= Your assignment =
Of all the lines in the entries below, give again exactly those starting at the line containing "by case: eqP" and ending at the line containing "rewrite (reindex_inj (@perm_inj", both ends included, and no others.

= Data listing =
Lemma min_over_lb s x : x \in s -> min_over f s <= f x.
Proof.
case: s => // x0 s; elim: s x => [|z s IH] x; first by rewrite inE => /eqP ->.
rewrite inE ge_min => /orP [/eqP->|]; first by rewrite IH ?mem_head ?orbT.
by rewrite inE => /orP [/eqP->|xs]; rewrite ?lexx // IH ?inE ?xs ?orbT.
Qed.

Lemma min_over_ge s v x : x \in s -> {in s, forall y, v <= f y} -> v <= min_over f s.
Proof.
case: s => // x0 s _; elim: s => [|z s IH] vf; first exact/vf/mem_head.
rewrite /= le_min vf ?inE ?eqxx ?orbT //=; apply: IH => y ys; apply: vf.
by move: ys; rewrite !inE => /orP [] ->; rewrite ?orbT.
Qed.

End Extrema.

Lemma normc_real (a b : R) : ComplexField.Normc.normc (a%:C - b%:C) = `|a - b|.
Proof. by rewrite -rmorphB /ComplexField.Normc.normc /= expr0n /= addr0 sqrtr_sqr. Qed.

Lemma hausdorff_shift_eig n (M Mt : 'M[R[i]]_n) (a : 'I_n -> R) (k : 'I_n) (d : R) :
  eigs M =i [seq (a r)%:C | r : 'I_n] ->
  eigs Mt =i [seq (a r + d *+ (r == k))%:C | r : 'I_n] ->
  (forall r, r != k -> `|d| <= `|a r - a k|) ->
  hausdorff M Mt = `|d|.
Proof.
move=> eigsM eigsMt isolated.
have shift_le r : `|d *+ (r == k)| <= `|d| by case: (r == k); rewrite ?normr0.
have svMtM : spec_var M Mt <= `|d|.
  apply: max_over_le => // _ /[!eigsMt]/imageP [r _ ->].
  have ar : (a r)%:C \in eigs M by rewrite eigsM image_f.
  apply: le_trans (min_over_lb _ ar) _.
  by rewrite normc_real addrC addKr shift_le.
have svMMt : spec_var Mt M <= `|d|.
  apply: max_over_le => // _ /[!eigsM]/imageP [r _ ->].
  have ar : (a r + d *+ (r == k))%:C \in eigs Mt by rewrite eigsMt image_f.
  apply: le_trans (min_over_lb _ ar) _.
  by rewrite normc_real opprD addNKr normrN shift_le.
have ak : (a k)%:C \in eigs M by rewrite eigsM image_f.
have akd : (a k + d *+ (k == k))%:C \in eigs Mt by rewrite eigsMt image_f.
have le_svMMt : `|d| <= spec_var Mt M.
  apply: le_trans (max_over_ub _ ak); apply: (min_over_ge akd).
  move=> _ /[!eigsMt]/imageP [r _ ->]; rewrite normc_real.
  have [->|rk] := eqVneq r k; first by rewrite mulr1n opprD addNKr normrN.
  by rewrite mulr0n addr0 distrC isolated.
rewrite /hausdorff max_r ?(le_trans svMtM) //; apply/eqP.
by rewrite eq_le svMMt le_svMMt.
Qed.

End HausdorffDistance.

Lemma natr_dist_ge1 (R : numDomainType) (a b : nat) :
  a != b -> 1 <= `|a%:R - b%:R : R|.
Proof.
case: ltngtP => // lt_ab _; last first.
  by rewrite -natrB ?(ltnW lt_ab) // normr_nat ler1n subn_gt0.
by rewrite distrC -natrB ?(ltnW lt_ab) // normr_nat ler1n subn_gt0.
Qed.

Section Laplacian.
Variables (R : rcfType) (n : nat).
Implicit Types (A B : 'M[R]_n) (i j : 'I_n).

Lemma laplacianD A B : laplacian (A + B) = laplacian A + laplacian B.
Proof.
apply/matrixP => u v; rewrite !mxE.
under eq_bigr do rewrite mxE.
by rewrite big_split /= mulrnDl opprD addrACA.
Qed.

Lemma laplacianZ a A : laplacian (a *: A) = a *: laplacian A.
Proof.
apply/matrixP => u v; rewrite !mxE.
under eq_bigr do rewrite mxE.
by rewrite -mulr_sumr -mulrnAr mulrBr.
Qed.

Lemma laplacian_delta i j :
  laplacian (delta_mx i j : 'M[R]_n) = delta_mx i i - delta_mx i j.
Proof.
apply/matrixP => u v; rewrite !mxE; congr (_ - _).
rewrite (bigD1 j) //= big1 => [|l /negbTE lj]; last by rewrite mxE lj andbF.
rewrite mxE eqxx andbT addr0 -mulrnA.
by case: eqP => [->|_]; rewrite ?mul1n // eq_sym.
Qed.

Lemma set_entryE A i j x : set_entry A i j x = A + (x - A i j) *: delta_mx i j.
Proof.
apply/matrixP => u v; rewrite !mxE.
case: andP => [[/eqP-> /eqP->]|_]; last by rewrite mulr0 addr0.
by rewrite mulr1 addrC subrK.
Qed.

Lemma laplacian_set_entry A i j x :
  laplacian (set_entry A i j x) =
  laplacian A + (x - A i j) *: (delta_mx i i - delta_mx i j).
Proof. by rewrite set_entryE laplacianD laplacianZ laplacian_delta. Qed.

End Laplacian.

Section RankedTournament.
Variables (R : rcfType) (n : nat) (s : {perm 'I_n}).
Local Notation S u := (nat_of_ord (s u)).

Definition tournament : 'M[R]_n := \matrix_(u, v) (S v < S u)%:R.

Lemma eq_rank u v : (S u == S v) = (u == v).
Proof. by rewrite val_eqE (inj_eq perm_inj). Qed.

Lemma rank_lt_neq u v : (S u < S v)%N -> u != v.
Proof. by apply: contraTneq => ->; rewrite ltnn. Qed.

Lemma rank_onto m : (m < n)%N -> exists u, S u = m.
Proof. by move=> lt_mn; exists (s^-1 (Ordinal lt_mn))%g; rewrite permKV. Qed.

Lemma sum_rank_delta (F : 'I_n -> R) u : \sum_k (S u == S k)%:R * F k = F u.
Proof.
rewrite (bigD1 u) //= eqxx mul1r big1 ?addr0 // => k /negbTE ku.
by rewrite eq_rank eq_sym ku mul0r.
Qed.

Lemma sum_tournament u : \sum_v tournament u v = (S u)%:R.
Proof.
under eq_bigr do rewrite mxE.
rewrite (reindex_inj (@perm_inj _ s^-1)) /=; under eq_bigr do rewrite permKV.
rewrite -natr_sum -(big_mkcond (fun t : 'I_n => t < S u)%N (fun _ => 1%N)) /=.
by rewrite (big_ord_narrow (ltnW (ltn_ord (s u)))) sum1_card card_ord.
Qed.

Lemma laplacian_tournament :
  laplacian tournament = \matrix_(u, v) ((S u)%:R *+ (u == v) - (S v < S u)%:R).
Proof. by apply/matrixP => u v; rewrite !mxE sum_tournament. Qed.

Definition rank_diag : 'M[R]_n := diag_mx (\row_u (S u)%:R).

Definition rank_shift : 'M[R]_n := \matrix_(u, v) (S u == (S v).+1)%:R.

Definition diffmx : 'M[R]_n := 1%:M - rank_shift.

Definition rank_step (t : nat) : 'rV[R]_n := \row_v (S v <= t)%:R.

Lemma det_diffmx : \det diffmx = 1.
Proof.
rewrite (@det_trig_perm _ _ _ s) => [|u v uv]; last first.
  by rewrite !mxE (negbTE (rank_lt_neq uv)) ltn_eqF ?subrr // (ltn_trans uv).
by apply: big1 => u _; rewrite !mxE eqxx ltn_eqF ?subr0.
Qed.

Lemma diffmx_laplacian : diffmx *m laplacian tournament = rank_diag *m diffmx.
Proof.
rewrite laplacian_tournament; apply/matrixP => r c.
rewrite mul_diag_mx mulmxBl mul1mx !mxE.
under eq_bigr do rewrite !mxE.
case Sr: (S r) => [|m].
  by rewrite big1 => [|k _] /=; rewrite ?mul0r ?mul0rn ?subr0 ?ltn0 ?subrr.
have [u Su] : exists u, S u = m by apply/rank_onto/ltnW; rewrite -Sr.
rewrite -Su; under eq_bigr do rewrite eqSS.
rewrite sum_rank_delta eqSS -[u == c]eq_rank mulrBr mulr_natr.
case: (ltngtP (S c) (S u)) => [lt_cu|lt_uc|->].
- by rewrite ltnS (ltnW lt_cu) mulr0n mulr0 subr0 sub0r opprK subrK.
- by rewrite ltnS leqNgt lt_uc !mulr0n mulr0 !subr0.
- rewrite ltnSn !mulr1n mulr0n mulr1 subr0 -natr1; lra.
Qed.

Lemma rank_step_diffmx u : rank_step (S u) *m diffmx = delta_mx 0 u.
Proof.
apply/rowP => c; rewrite mulmxBr mulmx1 !mxE -eq_rank eq_sym.
under eq_bigr do rewrite !mxE mulrC.
have [lt_cn|le_nc] := ltnP (S c).+1 n.
  have [k Sk] := rank_onto lt_cn.
  rewrite -Sk; under eq_bigr do rewrite eq_sym.
  rewrite sum_rank_delta Sk; case: ltngtP => //= _; rewrite ?subrr ?subr0 //.
rewrite big1 => [|k _]; last by rewrite ltn_eqF ?mul0r // (leq_trans (ltn_ord _) le_nc).
have le_uc : (S u <= S c)%N by rewrite -ltnS (leq_trans (ltn_ord _) le_nc).
by rewrite subr0 eqn_leq le_uc.
Qed.

Lemma eigs_laplacian_tournament :
  eigs (toCmx (laplacian tournament)) =i [seq ((S r)%:R)%:C | r : 'I_n].
Proof.
move=> x; rewrite (eigs_trig_perm (s := s)) => [|r c rc]; last first.
  by rewrite laplacian_tournament mxE (negbTE (rank_lt_neq rc)) ltnNge (ltnW rc) subrr.
congr (x \in _); apply: eq_map => r.
by rewrite laplacian_tournament mxE eqxx ltnn mulr1n subr0.
Qed.

Lemma eigs_delete_edge i j : (S j < S i)%N ->
  eigs (toCmx (laplacian (set_entry tournament i j 0))) =i
  [seq ((S r)%:R + (-1) *+ (r == i))%:C | r : 'I_n].
Proof.
move=> ji; have Aij : tournament i j = 1 by rewrite mxE ji.
have ij : i != j by rewrite eq_sym rank_lt_neq.
move=> x; rewrite laplacian_set_entry Aij sub0r (eigs_trig_perm (s := s)) => [|r c rc].
  congr (x \in _); apply: eq_map => r.
  rewrite laplacian_tournament !mxE eqxx ltnn mulr1n subr0 andbb.
  have [ri | _] /= := eqVneq r i; last by rewrite subrr mulr0 mulr0n !addr0.
  by rewrite ri (negbTE ij) subr0 mulr1n mulr1.
rewrite laplacian_tournament !mxE (negbTE (rank_lt_neq rc)) ltnNge (ltnW rc).
rewrite !mulr0n subr0 add0r.
have [ri | _] /= := eqVneq r i; last by rewrite subrr mulr0.
rewrite {}ri in rc.
by rewrite -[c == i]eq_rank -[c == j]eq_rank !gtn_eqF ?(ltn_trans ji) // subrr mulr0.
Qed.

Lemma eigs_add_edge i j k w : (S i < S j)%N -> S k = (S i).+1 ->
  eigs (toCmx (laplacian (set_entry tournament i j w))) =i
  [seq ((S r)%:R + w *+ (r == k))%:C | r : 'I_n].
Proof.
move=> ij Sk; have Aij : tournament i j = 0 by rewrite mxE ltnNge (ltnW ij).
set T := rank_diag +
  w *: (diffmx *m delta_mx i 0 *m (rank_step (S i) - rank_step (S j))).
have similar : diffmx *m laplacian (set_entry tournament i j w) = T *m diffmx.
  rewrite laplacian_set_entry Aij subr0 mulmxDr diffmx_laplacian (mulmxDl rank_diag).
  rewrite -scalemxAl -!mulmxA [(_ - _) *m diffmx]mulmxBl !rank_step_diffmx.
  by rewrite [delta_mx i 0 *m _]mulmxBr !mul_delta_mx scalemxAr.
have T_entry r c : T r c = (S r)%:R *+ (r == c) +
    w * (((r == i)%:R - (r == k)%:R) * ((S c <= S i)%:R - (S c <= S j)%:R)).
  by rewrite /T -colE !mxE big_ord1 !mxE -Sk eq_rank.
have T_trig r c : (S c < S r)%N -> T r c = 0.
  move=> cr; rewrite T_entry eq_sym (negbTE (rank_lt_neq cr)) mulr0n add0r.
  have [le_ri | lt_ir] := leqP (S r) (S i).+1.
    have ci : (S c <= S i)%N by rewrite -ltnS (leq_trans cr).
    by rewrite ci (leq_trans ci (ltnW ij)) subrr !mulr0.
  rewrite -[r == i]eq_rank -[r == k]eq_rank Sk !gtn_eqF ?(ltnW lt_ir) //.
  by rewrite subrr mul0r mulr0.
have T_diag r : T r r = (S r)%:R + w *+ (r == k).
  rewrite T_entry eqxx mulr1n; congr (_ + _).
  have [-> | ri] := eqVneq r i.
    have /negbTE ik : i != k by rewrite -eq_rank Sk ltn_eqF.
    by rewrite ik leqnn (ltnW ij) subrr !mulr0 mulr0n.
  have [-> | rk] := eqVneq r k; last by rewrite subrr mul0r mulr0 mulr0n.
  by rewrite Sk ltnn ij !mulr0n !mulr1n sub0r mulrNN !mulr1.
have Dunit : toCmx diffmx \in unitmx by rewrite map_unitmx unitmxE det_diffmx unitr1.
move=> x; rewrite (eigs_similar (N := toCmx T) _ Dunit); last first.
  by rewrite -!map_mxM similar.
rewrite -eigs_tr map_trmx (eigs_trig_perm (s := s)) => [|r c rc]; last by rewrite mxE T_trig.
by congr (x \in _); apply: eq_map => r; rewrite mxE T_diag.
Qed.

End RankedTournament.

Arguments tournament {R n} s.

Section CompleteDominance.
Variables (R : rcfType) (n : nat) (A : 'M[R]_n).
Hypothesis A01 : forall u v, A u v = 0 \/ A u v = 1.
Hypothesis A_irr : forall u, A u u = 0.
Hypothesis A_tour : forall u v, u != v -> (A u v == 1) (+) (A v u == 1).
Hypothesis A_acyc : acyclic A.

= Exercise solution =
by case: eqP => [->|_]; rewrite ?mul1n // eq_sym.
Qed.

Lemma set_entryE A i j x : set_entry A i j x = A + (x - A i j) *: delta_mx i j.
Proof.
apply/matrixP => u v; rewrite !mxE.
case: andP => [[/eqP-> /eqP->]|_]; last by rewrite mulr0 addr0.
by rewrite mulr1 addrC subrK.
Qed.

Lemma laplacian_set_entry A i j x :
  laplacian (set_entry A i j x) =
  laplacian A + (x - A i j) *: (delta_mx i i - delta_mx i j).
Proof. by rewrite set_entryE laplacianD laplacianZ laplacian_delta. Qed.

End Laplacian.

Section RankedTournament.
Variables (R : rcfType) (n : nat) (s : {perm 'I_n}).
Local Notation S u := (nat_of_ord (s u)).

Definition tournament : 'M[R]_n := \matrix_(u, v) (S v < S u)%:R.

Lemma eq_rank u v : (S u == S v) = (u == v).
Proof. by rewrite val_eqE (inj_eq perm_inj). Qed.

Lemma rank_lt_neq u v : (S u < S v)%N -> u != v.
Proof. by apply: contraTneq => ->; rewrite ltnn. Qed.

Lemma rank_onto m : (m < n)%N -> exists u, S u = m.
Proof. by move=> lt_mn; exists (s^-1 (Ordinal lt_mn))%g; rewrite permKV. Qed.

Lemma sum_rank_delta (F : 'I_n -> R) u : \sum_k (S u == S k)%:R * F k = F u.
Proof.
rewrite (bigD1 u) //= eqxx mul1r big1 ?addr0 // => k /negbTE ku.
by rewrite eq_rank eq_sym ku mul0r.
Qed.

Lemma sum_tournament u : \sum_v tournament u v = (S u)%:R.
Proof.
under eq_bigr do rewrite mxE.
rewrite (reindex_inj (@perm_inj _ s^-1)) /=; under eq_bigr do rewrite permKV.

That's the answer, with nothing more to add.